▶ Problem to work on:
How many lines in the records below contain the word "then"? Answer with the number alone.
::: Exercise inputs :::
Definition t_maximal D M : Prop :=
  proper_ideal D M /\ t_ideal D M /\
  (forall J, proper_ideal D J -> t_ideal D J ->
     (forall x, M x -> J x) -> forall x, J x -> M x).

Definition loc D P : K -> Prop :=
  fun x => exists a s, D a /\ D s /\ s != 0 /\ ~ P s /\ x = a / s.

Definition valuation_domain V : Prop :=
  subring V /\ forall x : K, x != 0 -> V x \/ V x^-1.

Definition PvMD D : Prop :=
  forall M, t_maximal D M -> valuation_domain (loc D M).

Definition essential_valuation_overring D V : Prop :=
  valuation_domain V /\ (forall x, D x -> V x) /\
  exists p, prime_ideal D p /\ forall x, V x <-> loc D p x.

Definition essential_representation D (I : Type) (Vs : I -> K -> Prop) : Prop :=
  (forall i, essential_valuation_overring D (Vs i)) /\
  (forall x, D x <-> forall i, Vs i x).

Definition max_ideal V : K -> Prop := fun x => V x /\ ~ (x != 0 /\ V x^-1).

Definition center D V : K -> Prop := fun x => D x /\ max_ideal V x.

(* Constructible topology on Spec(D): generated by the subbasis
   D(f), V(f) = Spec(D) \ D(f) (f in D); its basic opens are finite
   intersections of these. *)
Definition basic_open D (fs gs : seq K) (Q : K -> Prop) : Prop :=
  prime_ideal D Q /\ (forall f, f \in fs -> ~ Q f) /\ (forall g, g \in gs -> Q g).

Definition constructible_closed D (S : (K -> Prop) -> Prop) : Prop :=
  (forall Q, S Q -> prime_ideal D Q) /\
  forall P, prime_ideal D P -> ~ S P ->
    exists fs gs : seq K, (forall f, f \in fs -> D f) /\ (forall g, g \in gs -> D g) /\
      basic_open D fs gs P /\ (forall Q, basic_open D fs gs Q -> ~ S Q).

Definition centers D (I : Type) (Vs : I -> K -> Prop) : (K -> Prop) -> Prop :=
  fun Q => exists i, forall x, Q x <-> center D (Vs i) x.

End Defs.

From Pilot Require Import Defs.
From mathcomp Require Import all_boot all_order all_algebra.
From mathcomp Require Import ring.
From mathcomp Require boolp classical_sets.
From Stdlib Require Import Classical.
Set Implicit Arguments. Unset Strict Implicit. Unset Printing Implicit Defensive.
Import GRing.Theory.
Local Open Scope ring_scope.

(* A t-maximal ideal M is prime, and no finite subset of M generates an ideal
   whose v-closure is D.  Since D is the intersection of the valuation
   overrings V in the representation, every finite subset of M therefore lies
   in the center of some V.  The constructible topology is compact and the set
   of centers is closed in it, so M itself lies in a center p, where V = D_p;
   then D_M is an overring of the valuation domain D_p, hence a valuation
   domain. *)

Section FiniteCharacter.
Variables (T : eqType) (Phi : seq T -> Prop).

Definition finitely (X : T -> Prop) : Prop :=
  forall s, (forall c, c \in s -> X c) -> Phi s.

Lemma chain_fin_bound (F : (T -> Prop) -> Prop) (X0 : T -> Prop) :
  (forall X Y, F X -> F Y -> (forall t, X t -> Y t) \/ (forall t, Y t -> X t)) ->
  forall s : seq T, (forall c, c \in s -> (exists2 X, F X & X c) \/ X0 c) ->
  (forall c, c \in s -> X0 c) \/
  exists2 X, F X & forall c, c \in s -> X c \/ X0 c.
Proof.
move=> Ftot; elim=> [|c s IH] cs; first by left.
have [|s0|[X FX sX]] := IH; first by move=> d ds; apply: cs; rewrite inE ds orbT.
- case: (cs c (mem_head _ _)) => [[Y FY Yc]|X0c].
    by right; exists Y => // d /[!inE] /orP [/eqP -> |/s0]; [left|right].
  by left => d /[!inE] /orP [/eqP -> //|/s0].
- case: (cs c (mem_head _ _)) => [[Y FY Yc]|X0c].
    case: (Ftot X Y FX FY) => [XY|YX].
      by right; exists Y => // d /[!inE] /orP [/eqP -> |/sX [/XY|]]; auto.
    by right; exists X => // d /[!inE] /orP [/eqP -> |/sX]; [left; apply: YX|].
  by right; exists X => // d /[!inE] /orP [/eqP -> |/sX]; [right|].
Qed.

Lemma finitely_maximal (X0 : T -> Prop) : finitely X0 ->
  exists U, (forall t, X0 t -> U t) /\ finitely U /\
    forall V, (forall t, U t -> V t) -> finitely V -> forall t, V t -> U t.
Proof.
move=> X0fin.
pose P X := finitely (fun t => X t \/ X0 t).
have [|A [PA Amax]] := @classical_sets.Zorn_bigcup T P.
  move=> F FP Ftot s sF.
  have [s0|[X FX sX]] := chain_fin_bound Ftot sF; first exact: X0fin.
  exact: FP X FX s sX.
exists (fun t => A t \/ X0 t); split; first by move=> t; right.
split=> // V UV Vfin t Vt; apply: NNPP => nUt; apply: (Amax V).
  by split=> [u Au|VA]; [apply: UV; left | apply/nUt; left; apply: VA].
by move=> s sV; apply: Vfin => c /sV [] // X0c; apply: UV; right.
Qed.

End FiniteCharacter.

Section PatchCompactness.
Variables (K : fieldType) (D : K -> Prop) (I : Type) (C : I -> K -> Prop).
Hypothesis C_prime : forall i, prime_ideal D (C i).

(* The conditions [x \in P] and [x \notin P] on a prime [P] are encoded as
   [(true, x)] and [(false, x)]; finite lists of them cut out the basic open
   sets of the constructible topology. *)
Definition holds (P : K -> Prop) (c : bool * K) : Prop :=
  if c.1 then P c.2 else ~ P c.2.

Definition realized (s : seq (bool * K)) : Prop :=
  exists i, forall c, c \in s -> holds (C i) c.

Definition patch_adherent (Q : K -> Prop) : Prop := finitely realized (holds Q).

Lemma patch_adherent_prime Q : patch_adherent Q -> prime_ideal D Q.
Proof.
move=> adQ.
have QD x : Q x -> D x.
  move=> Qx; have [|i hi] := adQ [:: (true, x)]; first by move=> c /[!inE] /eqP ->.
  by have [[CD _] _] := C_prime i; apply: CD; apply: (hi (true, x)); rewrite inE.
split; first (split=> //; split; [|split]).
- apply: NNPP => nQ0; have [|i hi] := adQ [:: (false, 0)].
    by move=> c /[!inE] /eqP ->.
  by have [[_ [C0 _]] _] := C_prime i; apply: (hi (false, 0)); rewrite ?inE.
- move=> x y Qx Qy; apply: NNPP => nQ.
  have [|i hi] := adQ [:: (true, x); (true, y); (false, x + y)].
    by move=> c /[!inE] /or3P [] /eqP ->.
  have [[_ [_ [CD _]]] _] := C_prime i.
  apply: (hi (false, x + y)); first by rewrite !inE eqxx !orbT.
  by apply: CD; [apply: (hi (true, x)) | apply: (hi (true, y))];
    rewrite !inE eqxx ?orbT.
- move=> d x Dd Qx; apply: NNPP => nQ.
  have [|i hi] := adQ [:: (true, x); (false, d * x)].
    by move=> c /[!inE] /orP [] /eqP ->.
  have [[_ [_ [_ CM]]] _] := C_prime i.
  apply: (hi (false, d * x)); first by rewrite !inE eqxx orbT.
  by apply: CM => //; apply: (hi (true, x)); rewrite inE eqxx.
split.
- move=> Q1; have [|i hi] := adQ [:: (true, 1)]; first by move=> c /[!inE] /eqP ->.
  by have [_ [nC1 _]] := C_prime i; apply/nC1/(hi (true, 1)); rewrite inE.
- move=> a b Da Db Qab; apply: NNPP => /not_or_and [nQa nQb].
  have [|i hi] := adQ [:: (true, a * b); (false, a); (false, b)].
    by move=> c /[!inE] /or3P [] /eqP ->.
  have [_ [_ Cp]] := C_prime i.
  have [|Ca|Cb] := Cp a b Da Db; first by apply: (hi (true, a * b)); rewrite inE eqxx.
  + by apply: (hi (false, a)) => //; rewrite !inE eqxx orbT.
  + by apply: (hi (false, b)) => //; rewrite !inE eqxx !orbT.
Qed.

Lemma patch_adherent_center Q :
  constructible_closed D (fun P => exists i, forall x, P x <-> C i x) ->
  patch_adherent Q -> exists i, forall x, Q x <-> C i x.
Proof.
move=> [_ closed] adQ; apply: NNPP => nQ.
have [fs [gs [_ [_ [[_ [fQ gQ]] Qisolated]]]]] :=
  closed Q (patch_adherent_prime adQ) nQ.
have [|i hi] := adQ ([seq (false, f) | f <- fs] ++ [seq (true, g) | g <- gs]).
  by move=> c /[!mem_cat] /orP [] /mapP [y ys ->] /=; [apply: fQ | apply: gQ].
apply: (Qisolated (C i)); last by exists i.
split; first exact: C_prime.
split=> y ys.
- by apply: (hi (false, y)); rewrite mem_cat map_f.
- by apply: (hi (true, y)); rewrite mem_cat map_f ?orbT.
Qed.

Lemma realized_refute (U : bool * K -> Prop) (c : bool * K) :
  ~ finitely realized (fun d => U d \/ d = c) ->
  exists2 s : seq (bool * K), (forall d, d \in s -> U d) &
    forall i, (forall d, d \in s -> holds (C i) d) -> ~ holds (C i) c.
Proof.
move=> /not_all_ex_not [s] /(@imply_to_and _ (realized s)) [sUc ns].
exists [seq d <- s | d != c].
  by move=> d /[!mem_filter] /andP [/negPf dc /sUc [//|/eqP]]; rewrite dc.
move=> i hi hc; apply: ns; exists i => d ds.
by have [->//|dc] := eqVneq d c; apply: hi; rewrite mem_filter dc.
Qed.

(* Maximality forces [U] to decide every [x], so [U] is exactly the set of
   conditions holding in [fun x => U (true, x)]. *)
Lemma maximal_realized_adherent (U : bool * K -> Prop) : finitely realized U ->
  (forall V, (forall c, U c -> V c) -> finitely realized V -> forall c, V c -> U c) ->
  patch_adherent (fun x => U (true, x)).
Proof.
move=> Ufin Umax.
have inconsistent c : ~ U c -> ~ finitely realized (fun d => U d \/ d = c).
  by move=> nUc Vfin; apply/nUc/(Umax _ _ Vfin); [move=> d; left | right].
have decide x : U (true, x) \/ U (false, x).
  apply: NNPP => /not_or_and [/inconsistent/realized_refute [s1 s1U r1]].
  move=> /inconsistent/realized_refute [s2 s2U r2].
  have [|i hi] := Ufin (s1 ++ s2); first by move=> d /[!mem_cat] /orP [/s1U|/s2U].
  have [Cx|nCx] := classic (C i x).
  - by apply: (r1 i) => // d ds1; apply: hi; rewrite mem_cat ds1.
  - by apply: (r2 i) => // d ds2; apply: hi; rewrite mem_cat ds2 orbT.
move=> s sQ; apply: Ufin => -[[] x] /sQ //= nUx.
by case: (decide x).
Qed.

Lemma patch_compact (M : K -> Prop) :
  constructible_closed D (fun P => exists i, forall x, P x <-> C i x) ->
  (forall s : seq K, (forall x, x \in s -> M x) ->
     exists i, forall x, x \in s -> C i x) ->
  exists i, forall x, M x -> C i x.
Proof.
move=> closed Mfin.
have [|U [MU [Ufin Umax]]] := @finitely_maximal _ realized (fun c => c.1 /\ M c.2).
  move=> s sM; have [|i hi] := Mfin [seq c.2 | c <- s].
    by move=> x /mapP [c /sM [_ Mc] ->].
  by exists i => -[b x] cs; have [/= -> _] := sM _ cs; apply/hi/(map_f snd cs).
have [i hi] := patch_adherent_center closed (maximal_realized_adherent Ufin Umax).
by exists i => x Mx; apply/hi/MU.
Qed.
:::
▶ Output for this task:
2